76 In these circumstances, I do not regard the defendant’s attempts to enter a cohabitation agreement as of assistance.
The Defendant’s Two Wills
77 The plaintiff submitted that the defendant’s actions in making two Wills, under which the plaintiff received a benefit, provided some assistance in my making an order in favour of the plaintiff. On 8 June 2000 the defendant made a Will. It appointed the plaintiff as one of three executors (along with the defendant’s brother and cousin). It gave to the plaintiff the properties at 26 Beaconsfield Drive, Burleigh Waters and 5 Fimmiston Place, Burleigh Waters, subject to any mortgage on them. There was a specific legacy to her brother of her half interest in 33 Grebe Place, Burleigh Waters, and of an additional $50,000. Her jewellery was given to her cousin, to be divided at his discretion between members of her immediate family. Her silverware, paintings, antiques and rugs were directed to be valued, and shared by lot equally between four people, one of whom was the plaintiff. Soon after, the plaintiff made a will leaving everything he owned to the defendant.
78 The plaintiff accepts that this first Will does not, of itself, lead to any conclusions, because at the time it was made the relationship was still on foot, and both parties were enthusiastic about it, and expecting it to last.
79 The defendant made another Will on 11 December 2001. This was a date after the end of the relationship, and at a time when the plaintiff had left for Europe. It no longer appointed the plaintiff as an executor. The only benefit it gave him was a pecuniary legacy of $150,000.

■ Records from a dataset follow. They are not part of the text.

(* Let $\mathbf{A}$ be an additive category equipped with an f.p. promonoidal structure $(T, \mathrm{Ass}, 1, \lambda, \varrho)$, let $\otimes := \widehat{T}$ and let $(\otimes, \widehat{\mathrm{Ass}}, 1, \widehat\lambda, \widehat\varrho)$ be the induced monoidal structure on $\mathcal{A}(\mathbf{A})$. Let $\mathrm{Br}_{a,b}: a\otimes b\xrightarrow{\sim} b\otimes a$ be an isomorphism natural in $a,b\in\mathbf{A}$ with extension $\widehat{\mathrm{Br}}$. Then $\widehat{\mathrm{Br}}$ defines a braiding for this monoidal structure, i.e. for all $A,B,C \in\mathcal{A}(\mathbf{A})$: (i) $\widehat\lambda_A \circ \widehat{\mathrm{Br}}_{A,1} = \widehat\varrho_A$; (ii) $(\widehat{\mathrm{Br}}_{C,A}\otimes\mathrm{id}_B)\circ\widehat{\mathrm{Ass}}_{C,A,B}\circ\widehat{\mathrm{Br}}_{A\otimes B, C} = \widehat{\mathrm{Ass}}_{A,C,B}\circ(\mathrm{id}_A\otimes\widehat{\mathrm{Br}}_{B,C})\circ\widehat{\mathrm{Ass}}^{-1}_{A,B,C}$; (iii) $(\mathrm{id}_B\otimes\widehat{\mathrm{Br}}_{C,A})\circ\widehat{\mathrm{Ass}}^{-1}_{B,C,A}\circ\widehat{\mathrm{Br}}_{A,B\otimes C} = \widehat{\mathrm{Ass}}^{-1}_{B,A,C}\circ(\widehat{\mathrm{Br}}_{A,B}\otimes\mathrm{id}_C)\circ\widehat{\mathrm{Ass}}_{A,B,C}$, if and only if the identities (i), (ii), (iii) hold for all $A,B,C \in \mathbf{A}$. Moreover, $\widehat{\mathrm{Br}}$ is symmetric (i.e. $\widehat{\mathrm{Br}}_{A,B} = \widehat{\mathrm{Br}}_{B,A}^{-1}$ for all $A,B\in\mathcal{A}(\mathbf{A})$) if and only if $\mathrm{Br}_{b,a}\circ\mathrm{Br}_{a,b} = \mathrm{id}_{a\otimes b}$ for all $a,b\in\mathbf{A}$.
   Context: The Freyd category $\mathcal{A}(\mathbf{A})$: objects are morphisms $\rho_a: r_a \to a$ of $\mathbf{A}$, written $(a \xleftarrow{\rho_a} r_a)$; morphisms $(a \xleftarrow{\rho_a} r_a) \to (b \xleftarrow{\rho_b} r_b)$ are morphisms $\alpha: a\to b$ of $\mathbf{A}$ with $\alpha\circ\rho_a = \rho_b\circ\omega$ for some $\omega$, modulo those of the form $\rho_b\circ\lambda$; it is additive with cokernels. Objects $a\in\mathbf{A}$ are regarded as $(a\leftarrow0)$ via the embedding $\mathrm{emb}$. For a multilinear (componentwise additive) $F: \prod_i\mathbf{A}_i\to\mathbf{B}$ into an additive category with cokernels, $\widehat F(A_1,\dots,A_n) = \operatorname{cok}\big(\bigoplus_j F(a_1,\dots,r_{a_j},\dots,a_n)\to F(a_1,\dots,a_n)\big)$ defines the right exact multilinear extension with $\widehat F\circ\mathrm{emb}\cong F$; restriction along $\mathrm{emb}$ is an equivalence between right exact multilinear functors on $\prod_i\mathcal{A}(\mathbf{A}_i)$ and multilinear functors on $\prod_i\mathbf{A}_i$, and the extension $\widehat\nu$ of a natural transformation $\nu$ between restrictions is the unique natural transformation between the right exact functors restricting to $\nu$. An f.p. promonoidal structure on $\mathbf{A}$ consists of a bilinear functor $T:\mathbf{A}\times\mathbf{A}\to\mathcal{A}(\mathbf{A})$, an isomorphism $\mathrm{Ass}_{a,b,c}: a\otimes(b\otimes c)\xrightarrow{\sim}(a\otimes b)\otimes c$ natural in $a,b,c\in\mathbf{A}$, an object $1\in\mathcal{A}(\mathbf{A})$, isomorphisms $\lambda_a: 1\otimes a\xrightarrow{\sim} a$, $\varrho_a: a\otimes 1\xrightarrow{\sim} a$ natural in $a\in\mathbf{A}$, such that the pentagon identity $\widehat{\mathrm{Ass}}_{a\otimes b,c,d}\circ\widehat{\mathrm{Ass}}_{a,b,c\otimes d} = (\widehat{\mathrm{Ass}}_{a,b,c}\otimes\mathrm{id}_d)\circ\widehat{\mathrm{Ass}}_{a,b\otimes c,d}\circ(\mathrm{id}_a\otimes\widehat{\mathrm{Ass}}_{b,c,d})$ and the triangle identity $(\widehat\varrho_a\otimes\mathrm{id}_b)\circ\widehat{\mathrm{Ass}}_{a,1,b} = \mathrm{id}_a\otimes\widehat\lambda_b$ hold for all $a,b,c,d\in\mathbf{A}$; then $(\otimes, \widehat{\mathrm{Ass}}, 1, \widehat\lambda,\widehat\varrho)$ is a monoidal structure on $\mathcal{A}(\mathbf{A})$. *)

From HB Require Import structures.
From mathcomp Require Import all_boot all_algebra.
Set Implicit Arguments. Unset Strict Implicit. Unset Printing Implicit Defensive.
Import GRing.Theory.
Local Open Scope ring_scope.

Record addcat := AddCat {
  Ob : Type;
  Hom : Ob -> Ob -> zmodType;
  cmp : forall a b c : Ob, Hom b c -> Hom a b -> Hom a c;
  idm : forall a : Ob, Hom a a;
  compA : forall a b c d (h : Hom c d) (g : Hom b c) (f : Hom a b),
    cmp h (cmp g f) = cmp (cmp h g) f;
  comp1m : forall a b (f : Hom a b), cmp (idm b) f = f;
  compm1 : forall a b (f : Hom a b), cmp f (idm a) = f;
  compDl : forall a b c (g g' : Hom b c) (f : Hom a b),
    cmp (g + g') f = cmp g f + cmp g' f;
  compDr : forall a b c (g : Hom b c) (f f' : Hom a b),
    cmp g (f + f') = cmp g f + cmp g f';
  zob : Ob;
  zob_init : forall a (f : Hom zob a), f = 0;
  zob_term : forall a (f : Hom a zob), f = 0;
  bp : Ob -> Ob -> Ob;
  bin1 : forall a b, Hom a (bp a b);
  bin2 : forall a b, Hom b (bp a b);
  bpr1 : forall a b, Hom (bp a b) a;
  bpr2 : forall a b, Hom (bp a b) b;
  bp_11 : forall a b, cmp (bpr1 a b) (bin1 a b) = idm a;
  bp_22 : forall a b, cmp (bpr2 a b) (bin2 a b) = idm b;
  bp_12 : forall a b, cmp (bpr1 a b) (bin2 a b) = 0;
  bp_21 : forall a b, cmp (bpr2 a b) (bin1 a b) = 0;
  bp_id : forall a b, cmp (bin1 a b) (bpr1 a b) + cmp (bin2 a b) (bpr2 a b)
                      = idm (bp a b)
}.
Arguments Hom : clear implicits.
Arguments cmp {_ a b c} _ _.
Arguments idm {_}.
Arguments zob {_}.
Arguments bp {_}.
Arguments bpr1 {_ a b}.
Arguments bpr2 {_ a b}.

Section Freyd.
Variable A : addcat.

Definition copair (a b c : Ob A) (f : Hom A a c) (g : Hom A b c) : Hom A (bp a b) c :=
  cmp f bpr1 + cmp g bpr2.

(* Objects of the Freyd category A(A): morphisms rho : r -> a, written (a <- r). *)
Record fobj := FObj { fo : Ob A; fr : Ob A; frho : Hom A fr fo }.

(* A morphism X -> Y of A(A) is represented by  f : fo X -> fo Y  with      *)
(* f o rho_X = rho_Y o w for some w ...                                     *)
Definition fmor (X Y : fobj) (f : Hom A (fo X) (fo Y)) : Prop :=
  exists w : Hom A (fr X) (fr Y), cmp f (frho X) = cmp (frho Y) w.
(* ... modulo those of the form rho_Y o l: equality in A(A)(X,Y).          *)
Definition feq (X Y : fobj) (f g : Hom A (fo X) (fo Y)) : Prop :=
  exists l : Hom A (fo X) (fr Y), f - g = cmp (frho Y) l.

Definition emb (a : Ob A) : fobj := FObj (0 : Hom A zob a).

End Freyd.
Arguments fmor {A}.
Arguments feq {A}.
Arguments emb {A}.

(* T : A x A -> A(A) bilinear; its action on morphisms is given by        *)
(* representatives Tm f g : fo (T a b) -> fo (T a' b').                   *)
Record promon_data (A : addcat) := PromonData {
  T : Ob A -> Ob A -> fobj A;
  Tm : forall a a' b b', Hom A a a' -> Hom A b b' -> Hom A (fo (T a b)) (fo (T a' b'));
  one : fobj A;
  Ass : forall a b c, Hom A (fo (T a (fo (T b c)))) (fo (T (fo (T a b)) c));
  Assi : forall a b c, Hom A (fo (T (fo (T a b)) c)) (fo (T a (fo (T b c))));
  lam : forall a, Hom A (fo (T (fo one) a)) a;
  lami : forall a, Hom A a (fo (T (fo one) a));
  rho : forall a, Hom A (fo (T a (fo one))) a;
  rhoi : forall a, Hom A a (fo (T a (fo one)))
}.
Arguments Tm {A} _ {a a' b b'}.
Arguments T {A} _.
Arguments one {A} _.
Arguments Ass {A} _.
Arguments Assi {A} _.
Arguments lam {A} _.
Arguments lami {A} _.
Arguments rho {A} _.
Arguments rhoi {A} _.

Section Hat.
Variables (A : addcat) (P : promon_data A).
Local Notation T := (T P).
Local Notation Tm := (Tm P).

(* The right exact extension  X (x) Y := \hat T (X, Y)
   = cok( T(x, r_Y) (+) T(r_X, y) -> T(x, y) )  computed in A(A) with the
   standard cokernel of A(A):  cok (phi : Z -> W) = (w <- r_W (+) z). *)
Definition hT (X Y : fobj A) : fobj A :=
  FObj (copair (frho (T (fo X) (fo Y)))
          (copair (Tm (idm (fo X)) (frho Y)) (Tm (frho X) (idm (fo Y))))).

Definition hTm (X X' Y Y' : fobj A) (f : Hom A (fo X) (fo X')) (g : Hom A (fo Y) (fo Y'))
  : Hom A (fo (hT X Y)) (fo (hT X' Y')) := Tm f g.
Arguments hTm : clear implicits.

80 That legacy was revoked by a codicil which the defendant made in the early months of 2002, after the plaintiff had taken out proceedings for an apprehended violence order against her.
81 The plaintiff submits that the second Will, made when the relationship was over, is a significant admission. I agree that it is a significant admission that the defendant owed the plaintiff something, but I do not accept it as an admission that she owed him, then and there, $150,000. Even if the defendant did not change her Will before she died, there was no reason to believe she would die for many years, so the present value of the legacy would be much smaller than $150,000. Further, on the day that the plaintiff moved out of the house he asked the defendant whether she would pay him the $150,000 referred to in the Will at that time, and she refused. In these circumstances I do not regard the making of the second Will as of assistance in fixing a quantum.
82 In these circumstances, I order that the interests in property of the plaintiff and the defendant be adjusted by the defendant paying to the plaintiff the sum of $51,000.
83 Any argument about costs can occur by making an appointment, no later than 14 February 2005, with my Associate to fix a time for any such argument.